A colleague told me of this place, happened upon it during his travels but had no idea what it was.

I dont know how long its been here but it appears to be an ex military fuel depot link to a series around the country known as Government Pipeline and Storage System (GPSS) see page 12 of this pdf - 

http://www.linewatch.co.uk/pdf/Safe_Working.pdf

It may be connected with a now derelict site of a former WW2 airfield and former nuclear missile launch site from the late 50's at Harrington, only 2.5km away.

Anyway it now seems to be a place for sheep and rabbits.
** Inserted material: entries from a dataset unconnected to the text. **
(* Let $k>m$ and $2\le r\le \delta_k+1$. (1) If $\delta_k\le m-2$, then for $i=1,2,3$ (with $k$ odd for $i=2,3$), every graph $G_i(n,k)$ satisfies $N_r(G_i(n,k)) \leq N_r(H_n(m,k))$; equality holds if and only if $r=2$ and $G_i(n,k)\cong H_n(m,k)$ (for $i=1,3$), or $k=5$, $m=3$ and $G_2(n,k)\cong S_{a,n-a}$ for some $a$ (for $i=2$). (2) For $k=7$ and $i=4,5$: $N_r( G_i(n) ) < N_r(K_2\vee I_{n-2})$. (3) For $k=9$ and $n>4$: $N_r(I_2 \vee \frac{n-2}{2} K_2 ) < N_r(K_3 \vee I_{n-3})$ and $N_r(K_2 \vee \frac{n-2}{2} K_2 ) < N_r(K_3 \vee I_{n-3})$.
   Context: All graphs are finite and simple. $K_n$, $I_n$ denote the complete and the edgeless graph on $n$ vertices; $K_{1,s}$ is the star with $s$ leaves. For disjoint graphs $G,H$: $G\cup H$ is their disjoint union, $tG$ is the disjoint union of $t$ copies of $G$, and $G\vee H$ is obtained from $G\cup H$ by adding all edges between $V(G)$ and $V(H)$. $N_r(G)$ is the number of copies of $K_r$ in $G$. A block is a maximal connected subgraph without a cut vertex. $T(n,s)$ is the balanced complete $s$-partite graph on $n$ vertices; if $s\ge n$, $T(n,s)=K_n$. Let $\delta_k=\lfloor k/2\rfloor-1$. $H_n(m,k)=T(\delta_k,m-2)\vee I_{n-\delta_k}$ if $m\le \delta_k+2$; $H_n(m,k)=K_{\delta_k}\vee I_{n-\delta_k}$ if $\delta_k+2<m<k$ and $k$ is even; $H_n(m,k)=K_{\delta_k}\vee(I_{n-\delta_k-2}\cup K_2)$ if $\delta_k+2<m<k$ and $k$ is odd. $S_{a,n-a}$ is the double star on $n$ vertices obtained from stars on $a$ and on $n-a$ vertices by joining their centres. For $\delta_k\le m-2$: $G_1(n,k)=K_1\vee tK_{\delta_k}$ where $n=1+t\delta_k$, $t\ge1$ (the vertex of $K_1$ is its centre); for $k$ odd, $G_2(n,k)$ is obtained from disjoint $G_1(n_1,k)$, $G_1(n_2,k)$ by joining their centres, $n=n_1+n_2$; for $k$ odd, a graph $G_3(n,k)$ is any $n$-vertex graph obtained from $G_1(n-1,k)$ by replacing one block $K_{\delta_k+1}$ by a $K_m$-free block $B$ of order $\delta_k+2$ (sharing the centre as its cut vertex) such that the result has minimum degree at least $\delta_k$. $G_4(n)$ (resp. $G_5(n)$) is the $n$-vertex graph obtained from disjoint $G_1(n_1,7)$ and $K_{1,n_2-2}$ by joining the centre of $G_1(n_1,7)$ to all leaves (resp. all vertices) of $K_{1,n_2-2}$, where $n_2\ge4$, $n=n_1+n_2-1$. *)

From HB Require Import structures.
From mathcomp Require Import all_boot.
Set Implicit Arguments. Unset Strict Implicit. Unset Printing Implicit Defensive.

(* All graphs built below are simple (symmetric, irreflexive) by construction;
   for arbitrary graphs we require [simple] explicitly. *)
Record graph := Graph { gV : finType; gadj : rel gV }.
Arguments gadj : clear implicits.

Definition simple (G : graph) : Prop :=
  symmetric (gadj G) /\ irreflexive (gadj G).

Definition clique (G : graph) (S : {set gV G}) : bool :=
  [forall x in S, forall y in S, (x != y) ==> gadj G x y].

Definition Nr (r : nat) (G : graph) : nat :=
  #|[set S : {set gV G} | (#|S| == r) && clique S]|.

Definition isomorphic (G H : graph) : Prop :=
  exists f : gV G -> gV H, bijective f /\ forall x y, gadj H (f x) (f y) = gadj G x y.

Definition degree (G : graph) (v : gV G) : nat := #|[set u | gadj G v u]|.

Definition min_degree_ge (G : graph) (d : nat) : Prop :=
  forall v : gV G, d <= degree v.

Definition connected_on (G : graph) (A : {set gV G}) : Prop :=
  forall x y, x \in A -> y \in A ->
    connect [rel u v | [&& u \in A, v \in A & gadj G u v]] x y.

Definition is_block (G : graph) : Prop :=
  connected_on [set: gV G] /\ forall v : gV G, connected_on ([set: gV G] :\ v).

Definition Kg (n : nat) : graph := @Graph 'I_n (fun x y => x != y).
Definition Ig (n : nat) : graph := @Graph 'I_n (fun _ _ => false).
Lemma Cmod_defect_le (phi : nat -> C) eps m :
  Cmod (Dh h phi m - pper n pk m * phi m) <= eps ->
  Cmod (phi (S m) - factor m * phi m) <= h * eps.
Proof.
  rewrite defect_eq, Cmod_div, Cmod_R, Rabs_pos_eq by (lra || apply RtoC_pos_neq0, h_pos).
  intros Hle; apply Rmult_le_compat_l with (r := h) in Hle; [|lra].
  unfold Rdiv in Hle; rewrite Rmult_comm, Rmult_assoc, Rinv_l, Rmult_1_r in Hle; lra.
Qed.

Lemma solution_S x m : is_solution h n pk x -> x (S m) = (factor m * x m)%C.
Proof.
  intros Hx; specialize (Hx m); rewrite defect_eq in Hx.
  replace (x (S m)) with ((x (S m) - factor m * x m) / h * h + factor m * x m)%C
    by (field; apply RtoC_pos_neq0, h_pos).
  rewrite Hx; ring.
Qed.

Lemma solution_eq x m : is_solution h n pk x -> x m = (x 0%nat * ep h n pk m)%C.
Proof.
  intros Hx; induction m as [|m IHm]; [rewrite ep_0; ring|].
  rewrite (solution_S x m Hx), IHm, ep_S; ring.
Qed.

Lemma scaled_ep_solution (c : C) : is_solution h n pk (fun m => c * ep h n pk m)%C.
Proof. intros m; rewrite defect_eq, ep_S; unfold Cdiv; ring. Qed.

Lemma Sk_mod m : Sk h n pk (m mod n) = Sk h n pk m.
Proof.
  unfold Sk; f_equal; apply map_ext; intros j; do 2 f_equal; apply map_ext; intros i.
  now rewrite Nat.Div0.add_mod_idemp_l.
Qed.

Lemma Sk_le_Smax m : Sk h n pk m <= Smax h n pk.
Proof.
  rewrite <- Sk_mod; apply fold_right_Rmax_ge, in_map, in_seq.
  split; [lia | apply Nat.mod_upper_bound; lia].
Qed.

Definition ulam_Kn : R := h * eabs n / (-1 + eabs n) * Smax h n pk.

Section Positive.

Hypothesis E_pos : 0 < eabs n.

Lemma eabs_pos m : 0 < eabs m.
Proof.
  assert (zero_persists : forall k, eabs m = 0 -> eabs (m + k) = 0).
  { intros k Hm; induction k as [|k IHk]; [now rewrite Nat.add_0_r|].
    rewrite Nat.add_succ_r, eabs_S, IHk; ring. }
  destruct (Cmod_ge_0 (ep h n pk m)) as [Hm|Hm]; [exact Hm|].
  assert (Hpow := eabs_mul_period m).
  replace (m * n)%nat with (m + (m * n - m))%nat in Hpow by nia.
  rewrite zero_persists in Hpow by (symmetry; exact Hm).
  assert (0 < eabs n ^ m) by (apply pow_lt, E_pos); lra.
Qed.
(* Let $K$ be a field of characteristic zero, let $(p_n(x))_{n\ge0}$ be a sequence of polynomials in $K[x]$ with $\deg p_n=n$, and let $F^{(y)}:K[x]\to K[x,y]$ be a $K$-linear operator with $F^{(y)}p_n(x)=\sum_{k=0}^np_k(x)p_{n-k}(y)$ for all $n\ge0$. Identify $K[x,y]$ with $K[x]\otimes K[x]$ via $x^iy^j\mapsto x^i\otimes x^j$, and let $\epsilon:K[x]\to K$ be the linear map with $\epsilon p_n=\delta_{n0}$, so that $(K[x],F^{(y)},\epsilon)$ is a coalgebra. Suppose this coalgebra is a bialgebra with respect to the usual multiplication of polynomials. Then there is a constant $c\in K$ such that $F^{(y)}=E^{y-c}$, i.e. $F^{(y)}p(x)=p(x+y-c)$; consequently $(p_n(x))_{n\ge0}$ is a Sheffer sequence; the counit $\epsilon$ is evaluation at $x=c$; and this bialgebra is a Hopf algebra with antipode $\omega:(x-c)^n\mapsto(-1)^n(x-c)^n$.
   Context: A coalgebra $(V,\Delta,\epsilon)$ has comultiplication $\Delta:V\to V\otimes V$ and counit $\epsilon:V\to K$ satisfying $(I\otimes\Delta)\Delta=(\Delta\otimes I)\Delta$ and $(\epsilon\otimes I)\Delta=I=(I\otimes\epsilon)\Delta$; it is a bialgebra with respect to a multiplication if $\Delta$ and $\epsilon$ are unital algebra homomorphisms. A sequence $(s_n(x))$ with $\deg s_n=n$ is Sheffer if there is a divided power sequence $(q_n)$ (i.e. $\deg q_n=n$ and $q_n(x+y)=\sum_{k}q_k(x)q_{n-k}(y)$) with $s_n(x+y)=\sum_{k=0}^nq_{n-k}(y)s_k(x)$ for all $n$. *)

From HB Require Import structures.
From mathcomp Require Import all_boot all_order all_algebra.
Set Implicit Arguments. Unset Strict Implicit. Unset Printing Implicit Defensive.
Import Order.TTheory GRing.Theory Num.Theory.
Local Open Scope ring_scope.

(* K[x,y] is represented as {poly {poly K}}: the outer variable is y, the
   coefficients are polynomials in x.  Under x^i y^j <-> x^i (x) x^j this is
   K[x] (x) K[x] with the tensor-product algebra structure. *)

Definition inx (K : fieldType) (q : {poly K}) : {poly {poly K}} := q%:P.
Definition iny (K : fieldType) (q : {poly K}) : {poly {poly K}} := q ^:P.
Definition Xx (K : fieldType) : {poly {poly K}} := inx 'X.
Definition Yy (K : fieldType) : {poly {poly K}} := 'X.
Definition substxy (K : fieldType) (q : {poly K}) (t : {poly {poly K}}) :
  {poly {poly K}} := (map_poly (fun a : K => (a%:P)%:P) q : {poly {poly {poly K}}}).[t].

(* multiplication m : K[x] (x) K[x] -> K[x],  a(x) b(y) |-> a(x) b(x) *)
Definition mult (K : fieldType) (r : {poly {poly K}}) : {poly K} := r.['X].

(* (w (x) I) on K[x,y]: apply w to the x-part *)
Definition tensL (K : fieldType) (w : {poly K} -> {poly K}) (r : {poly {poly K}})
  : {poly {poly K}} := map_poly w r.
(* (I (x) w) on K[x,y]: apply w to the y-part *)
Definition tensR (K : fieldType) (w : {poly K} -> {poly K}) (r : {poly {poly K}})
  : {poly {poly K}} := \sum_(j < size r) inx r`_j * iny (w 'X^j).

Definition linK (K : fieldType) (f : {poly K} -> K) :=
  forall (a : K) (q r : {poly K}), f (a *: q + r) = a * f q + f r.
Definition linKK (K : fieldType) (f : {poly K} -> {poly K}) :=
  forall (a : K) (q r : {poly K}), f (a *: q + r) = a *: f q + f r.
Definition linKxy (K : fieldType) (f : {poly K} -> {poly {poly K}}) :=
  forall (a : K) (q r : {poly K}), f (a *: q + r) = inx a%:P * f q + f r.

Definition divided_power (K : fieldType) (q : nat -> {poly K}) :=
  (forall n, size (q n) = n.+1) /\
  forall n, substxy (q n) (Xx K + Yy K) =
            \sum_(k < n.+1) inx (q k) * iny (q (n - k)%N).

Definition sheffer (K : fieldType) (s : nat -> {poly K}) :=
  (forall n, size (s n) = n.+1) /\
  exists q : nat -> {poly K}, divided_power q /\
    forall n, substxy (s n) (Xx K + Yy K) =
              \sum_(k < n.+1) iny (q (n - k)%N) * inx (s k).

(* A linear map out of K[x] that is multiplicative and unital is determined by
   its value on x, so F(q) = q(T) with T := F(x) and eps(q) = q(c) with
   c := eps(x).  Since p_0 = 1 and p_1 has degree one with eps(p_1) = 0, we get
   p_1 = u (x - c), and the coproduct formula for p_1 reads u (T - c) =
   u (x - c) + u (y - c), i.e. T = x + y - c.  Substituting x + c for x and/or
   y + c for y in the coproduct formula then shows that q_n(x) := p_n(x + c)
   is a divided power sequence with respect to which p is Sheffer, and the
   reflection x |-> 2c - x is an antipode because T(2c - x, x) = T(x, 2c - x) = c. *)

From mathcomp Require Import all_boot all_algebra ring.
Import GRing.Theory.
Set Implicit Arguments. Unset Strict Implicit. Unset Printing Implicit Defensive.
Local Open Scope ring_scope.

Lemma size2_root_XsubC (K : fieldType) (q : {poly K}) (c : K) :
  size q = 2 -> root q c -> q = lead_coef q *: ('X - c%:P).
Proof.
move=> q2 /factor_theorem [r qE]; rewrite qE.
have r0 : r != 0 by apply: contra_eq_neq q2; rewrite qE => ->; rewrite mul0r size_poly0.
have r1 : size r = 1.
  by move: q2; rewrite qE size_mul ?polyXsubC_eq0 // size_XsubC addn2 => -[].
have -> : r = (r`_0)%:P by apply: size1_polyC; rewrite r1.
by rewrite lead_coefM lead_coefC lead_coefXsubC mulr1 mul_polyC.
Qed.

Section Substitution.

Variable K : fieldType.
Implicit Types (a : K) (q w : {poly K}) (r s t : {poly {poly K}}).

Definition substxy_rmorph t : {rmorphism {poly K} -> {poly {poly K}}} :=
  horner_eval t \o map_poly polyC \o map_poly polyC.

Lemma substxy_rmorphE t q : substxy_rmorph t q = substxy q t.
Proof. by rewrite /= /horner_eval /substxy -map_poly_comp. Qed.

Lemma substxyC a t : substxy a%:P t = (a%:P)%:P.
Proof. by rewrite -substxy_rmorphE /= !map_polyC /horner_eval hornerC. Qed.

Lemma substxyX t : substxy 'X t = t.
Proof. by rewrite -substxy_rmorphE /= !map_polyX /horner_eval hornerX. Qed.

Lemma substxy_Xx q : substxy q (Xx K) = inx q.
Proof.
rewrite -substxy_rmorphE /= /horner_eval /Xx /inx horner_map.
by rewrite -/(comp_poly 'X q) comp_polyXr.
Qed.

Lemma substxy_Yy q : substxy q (Yy K) = iny q.
Proof. by rewrite -substxy_rmorphE /= /horner_eval -/(comp_poly 'X _) comp_polyXr. Qed.

Lemma substxy_comp q w t : substxy (q \Po w) t = substxy q (substxy w t).
Proof.
rewrite -!substxy_rmorphE /comp_poly -horner_map; congr (_.[_]).
rewrite -map_poly_comp [RHS]/= -map_poly_comp.
by apply: eq_map_poly => a; rewrite /= !map_polyC /horner_eval hornerC.
Qed.

Lemma substxy_XaddC q a t :
  substxy (q \Po ('X + a%:P)) t = substxy q (t + inx a%:P).
Proof.
rewrite substxy_comp; congr substxy.
by rewrite -substxy_rmorphE rmorphD !substxy_rmorphE substxyX substxyC.
Qed.

Lemma rmorph_substxy (S : nzSemiRingType) (f : {rmorphism {poly {poly K}} -> S}) q t :
  f (substxy q t) = (map_poly (fun a => f (a%:P)%:P) q).[f t].
Proof. by rewrite -horner_map -map_poly_comp. Qed.

Lemma substxy_rmorph_fix (f : {rmorphism {poly {poly K}} -> {poly {poly K}}}) q t :
  (forall a, f (a%:P)%:P = (a%:P)%:P) -> f (substxy q t) = substxy q (f t).
Proof. by move=> fC; rewrite rmorph_substxy (eq_map_poly fC). Qed.

Lemma substxy_rmorph_comp (f : {rmorphism {poly {poly K}} -> {poly K}}) q t w :
  (forall a, f (a%:P)%:P = a%:P) -> f t = w -> f (substxy q t) = q \Po w.
Proof. by move=> fC <-; rewrite rmorph_substxy (eq_map_poly fC). Qed.

Definition eval2 s t : {rmorphism {poly {poly K}} -> {poly {poly K}}} :=
  horner_eval t \o map_poly (substxy_rmorph s).

Lemma eval2E s t r : eval2 s t r = (map_poly (substxy_rmorph s) r).[t].
Proof. by []. Qed.

Lemma eval2C s t a : eval2 s t (a%:P)%:P = (a%:P)%:P.
Proof. by rewrite eval2E map_polyC hornerC -(substxyC a s); apply: substxy_rmorphE. Qed.

Lemma eval2_substxy s t q r : eval2 s t (substxy q r) = substxy q (eval2 s t r).
Proof. exact/substxy_rmorph_fix/eval2C. Qed.

Lemma eval2_inx s t q : eval2 s t (inx q) = substxy q s.
Proof. by rewrite eval2E map_polyC hornerC; apply: substxy_rmorphE. Qed.

Lemma eval2_iny s t q : eval2 s t (iny q) = substxy q t.
Proof. by rewrite -substxy_Yy eval2_substxy eval2E map_polyX hornerX. Qed.

Lemma eval2_Xx s t : eval2 s t (Xx K) = s.
Proof. by rewrite eval2_inx substxyX. Qed.

Lemma eval2_Yy s t : eval2 s t (Yy K) = t.
Proof. by rewrite eval2E map_polyX hornerX. Qed.

End Substitution.

Section MultiplicativeLinearMaps.

Variable K : fieldType.

Lemma linKxy_multE (F : {poly K} -> {poly {poly K}}) : linKxy F ->
  F 1 = 1 -> (forall q r, F (q * r) = F q * F r) ->
  forall q, F q = substxy q (F 'X).
Proof.
move=> Flin F1 FM.
have FD q r : F (q + r) = F q + F r.
  by have := Flin 1 q r; rewrite scale1r /inx !polyC1 mul1r.
have F0 : F 0 = 0 by have := FD 0 0; rewrite addr0 -{1}[F 0]addr0 => /addrI.
have FC a : F a%:P = inx a%:P.
  by have := Flin a 1 0; rewrite addr0 F0 addr0 F1 mulr1 alg_polyC.
elim/poly_ind=> [|q a IHq]; first by rewrite F0 -substxy_rmorphE rmorph0.
rewrite -!substxy_rmorphE rmorphD rmorphM !substxy_rmorphE.
by rewrite FD FM FC IHq substxyX substxyC.
Qed.

Lemma linK_multE (e : {poly K} -> K) : linK e ->
  e 1 = 1 -> (forall q r, e (q * r) = e q * e r) ->
  forall q, e q = q.[e 'X].
Proof.
move=> elin e1 eM.
have eD q r : e (q + r) = e q + e r by have := elin 1 q r; rewrite scale1r mul1r.
have e0 : e 0 = 0 by have := eD 0 0; rewrite addr0 -{1}[e 0]addr0 => /addrI.
have eC a : e a%:P = a.
  by have := elin a 1 0; rewrite addr0 e0 addr0 e1 mulr1 alg_polyC.
elim/poly_ind=> [|q a IHq]; first by rewrite e0 horner0.
by rewrite eD eM eC IHq hornerMXaddC.
Qed.

End MultiplicativeLinearMaps.

Section TranslatedCoproduct.

Variables (K : fieldType) (c : K) (p : nat -> {poly K}).
Hypothesis hcop : forall n, substxy (p n) (Xx K + Yy K - inx c%:P) =
  \sum_(k < n.+1) inx (p k) * iny (p (n - k)%N).

Lemma coproduct_eval2 s t n : substxy (p n) (s + t - inx c%:P) =
  \sum_(k < n.+1) substxy (p k) s * substxy (p (n - k)%N) t.
Proof.
have := congr1 (eval2 s t) (hcop n).
rewrite eval2_substxy rmorphB rmorphD eval2_Xx eval2_Yy eval2C rmorph_sum => ->.
by apply: eq_bigr => k _; rewrite rmorphM eval2_inx eval2_iny.
Qed.

Lemma sheffer_translated_coproduct :
  (forall n, size (p n) = n.+1) -> sheffer p.
Proof.
move=> hdeg; split=> //.
exists (fun n => p n \Po ('X + c%:P)); split; first split.
- by move=> n; rewrite size_comp_poly2 ?size_XaddC.
- move=> n; rewrite substxy_XaddC.
  have -> : Xx K + Yy K + inx c%:P =
            (Xx K + inx c%:P) + (Yy K + inx c%:P) - inx c%:P by ring.
  rewrite coproduct_eval2; apply: eq_bigr => k _.
  by rewrite -!substxy_XaddC substxy_Xx substxy_Yy.
- move=> n; have -> : Xx K + Yy K = Xx K + (Yy K + inx c%:P) - inx c%:P by ring.
  rewrite coproduct_eval2; apply: eq_bigr => k _.
  by rewrite -substxy_XaddC substxy_Xx substxy_Yy mulrC.
Qed.

End TranslatedCoproduct.

Section Antipode.

Variable K : fieldType.
Implicit Types (c : K) (q w : {poly K}) (r : {poly {poly K}}).

Definition reflection c : {poly K} := c%:P *+ 2 - 'X.

Lemma linKK_comp_poly w : linKK (comp_poly w).
Proof. by move=> a q r; rewrite comp_polyD comp_polyZ. Qed.

Lemma XsubC_exp_comp_reflection c n :
  ('X - c%:P) ^+ n \Po reflection c = (-1) ^+ n * ('X - c%:P) ^+ n.
Proof.
rewrite rmorphXn /= comp_polyB comp_polyX comp_polyC -exprNn.
by congr (_ ^+ n); rewrite /reflection; ring.
Qed.

Lemma mult_tensR_comp w r : mult (tensR (comp_poly w) r) = r.[w].
Proof.
rewrite /tensR /mult horner_sum horner_coef; apply: eq_bigr => j _.
rewrite hornerM /inx hornerC rmorphXn /= comp_polyX.
by rewrite /iny -/(comp_poly 'X _) comp_polyXr.
Qed.

Lemma mult_tensL_reflection c q :
  mult (tensL (comp_poly (reflection c)) (substxy q (Xx K + Yy K - inx c%:P))) =
  q.[c]%:P.
Proof.
pose f : {rmorphism {poly {poly K}} -> {poly K}} :=
  horner_eval 'X \o map_poly (comp_poly (reflection c)).
rewrite -[LHS]/(f (substxy q _)) -comp_polyCr.
apply: substxy_rmorph_comp.
  by move=> a; rewrite /= map_polyC /horner_eval hornerC; apply: comp_polyC.
rewrite /= !rmorphB !rmorphD /= map_polyX !map_polyC /horner_eval /=.
rewrite !(hornerD, hornerN, hornerC, hornerX) comp_polyX comp_polyC /reflection.
ring.
Qed.

Lemma mult_tensR_reflection c q :
  mult (tensR (comp_poly (reflection c)) (substxy q (Xx K + Yy K - inx c%:P))) =
  q.[c]%:P.
Proof.
pose f : {rmorphism {poly {poly K}} -> {poly K}} := horner_eval (reflection c).
rewrite mult_tensR_comp -[LHS]/(f (substxy q _)) -comp_polyCr.
apply: substxy_rmorph_comp => [a|]; first exact: (hornerC a%:P (reflection c)).
rewrite -[LHS]/(_.[reflection c]) /Xx /Yy /inx.
by rewrite !(hornerD, hornerN, hornerC, hornerX) /reflection; ring.
Qed.

End Antipode.

Section Bialgebra.

Variables (K : fieldType) (p : nat -> {poly K}).
Hypothesis hdeg : forall n, size (p n) = n.+1.
Variable F : {poly K} -> {poly {poly K}}.
Hypotheses (hFlin : linKxy F)
  (hF : forall n, F (p n) = \sum_(k < n.+1) inx (p k) * iny (p (n - k)%N))
  (hF1 : F 1 = 1) (hFM : forall q r, F (q * r) = F q * F r).
Variable eps : {poly K} -> K.
Hypotheses (hepslin : linK eps) (heps : forall n, eps (p n) = (n == 0%N)%:R)
  (heps1 : eps 1 = 1) (hepsM : forall q r, eps (q * r) = eps q * eps r).

Let epsE := linK_multE hepslin heps1 hepsM.

Lemma p0_eq1 : p 0 = 1.
Proof.
have p0C : p 0 = ((p 0)`_0)%:P by apply: size1_polyC; rewrite hdeg.
by have := heps 0; rewrite epsE p0C hornerC => ->.
Qed.

Lemma F_X : F 'X = Xx K + Yy K - inx (eps 'X)%:P.
Proof.
set c := eps 'X; set u := lead_coef (p 1).
have p1E : p 1 = u *: ('X - c%:P).
  by apply: size2_root_XsubC; rewrite ?hdeg // /root -epsE heps.
have u0 : inx u%:P != 0 by rewrite /inx !polyC_eq0 lead_coef_eq0 -size_poly_eq0 hdeg.
have substxy_p1 t : substxy (p 1) t = inx u%:P * (t - inx c%:P).
  rewrite p1E -mul_polyC -substxy_rmorphE rmorphM rmorphB.
  by rewrite !substxy_rmorphE !substxyC substxyX.
have := hF 1; rewrite big_ord_recr big_ord1 /= subnn p0_eq1 /inx polyC1 -/(inx _).
rewrite /iny rmorph1 -/(iny _) mul1r mulr1 (linKxy_multE hFlin hF1 hFM).
rewrite -substxy_Xx -substxy_Yy !substxy_p1 -mulrDr => /(mulfI u0) FX.
by rewrite -[F 'X](subrK (inx c%:P)) FX; ring.
Qed.

Lemma F_substxy q : F q = substxy q (Xx K + Yy K - inx (eps 'X)%:P).
Proof. by rewrite (linKxy_multE hFlin hF1 hFM) F_X. Qed.

End Bialgebra.

Theorem corollary2 (K : fieldType) (hchar : [pchar K] =i pred0)
  (p : nat -> {poly K}) (hdeg : forall n, size (p n) = n.+1)
  (F : {poly K} -> {poly {poly K}}) (hFlin : linKxy F)
  (hF : forall n, F (p n) = \sum_(k < n.+1) inx (p k) * iny (p (n - k)%N))
  (eps : {poly K} -> K) (hepslin : linK eps)
  (heps : forall n, eps (p n) = (n == 0%N)%:R)
  (hF1 : F 1 = 1) (hFM : forall q r, F (q * r) = F q * F r)
  (heps1 : eps 1 = 1) (hepsM : forall q r, eps (q * r) = eps q * eps r) :
  exists c : K,
    [/\ forall q, F q = substxy q (Xx K + Yy K - inx c%:P),
        sheffer p,
        forall q, eps q = q.[c] &
        exists omega : {poly K} -> {poly K},
          [/\ linKK omega,
              forall n : nat, omega (('X - c%:P) ^+ n) = (-1) ^+ n * ('X - c%:P) ^+ n,
              forall q, mult (tensL omega (F q)) = (eps q)%:P &
              forall q, mult (tensR omega (F q)) = (eps q)%:P]].
Proof.
have FE := F_substxy hdeg hFlin hF hF1 hFM hepslin heps heps1 hepsM.
have epsE := linK_multE hepslin heps1 hepsM.
exists (eps 'X); split=> //.
  by apply: (sheffer_translated_coproduct (c := eps 'X) _ hdeg) => n; rewrite -FE hF.
exists (comp_poly (reflection (eps 'X))); split.
- exact: linKK_comp_poly.
- exact: XsubC_exp_comp_reflection.
- by move=> q; rewrite FE (epsE q) mult_tensL_reflection.
- by move=> q; rewrite FE (epsE q) mult_tensR_reflection.
Qed.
A lot of the buildings have had their doors welded up and plenty of "Warning Asbestos" labels could be found.

There were still a few accessible places though and if ive got this right here are a few sample pics.

[lb=http://www.derelictplaces.co.uk/main/imagehosting/400247ab7963be4e8.jpg]




[/lb] 

[lb=http://www.derelictplaces.co.uk/main/imagehosting/400247ab796516946.jpg]



[/lb] 

[lb=http://www.derelictplaces.co.uk/main/imagehosting/400247ab7a0fc811c.jpg]



[/lb] 

[lb=http://www.derelictplaces.co.uk/main/imagehosting/400247ab7a0d9a2d7.jpg]



[/lb] 

[lb=http://www.derelictplaces.co.uk/main/imagehosting/400247ab7b7de5076.jpg]



[/lb] 

[lb=http://www.derelictplaces.co.uk/main/imagehosting/400247ab7b8024e19.jpg]



[/lb] 

[lb=http://www.derelictplaces.co.uk/main/imagehosting/400247ab7c472938a.jpg]



[/lb] 

[lb=http://www.derelictplaces.co.uk/main/imagehosting/400247ab7c4887753.jpg]



[/lb] 

The full set are viewable at this location - http://www.flickr.com/photos/[email protected]/sets/72157603866539408/

Please let me know what you think of my first outing, and i'd luv to join up with some others sometime as I think ive now got the bug


----------



## sheep2405 (Feb 7, 2008)

Nice, I really like the location.


----------



## Foxylady (Feb 8, 2008)

Ooh, that's a really nice find. Not seen anything like that before. Enjoyed seeing the rest of your pics...lots of interesting bits to this one. Good stuff, redd.

Cheers


----------



## King Al (Feb 8, 2008)

Very nice, Don't see many of those on hear, I like the fact that they left that smoking sign down the side of the building out of the way


----------



## reddwarf9 (Feb 10, 2008)

Thanks for your comments. I'm not really a photographer just point n shoot lol, take plenty and junk the worst.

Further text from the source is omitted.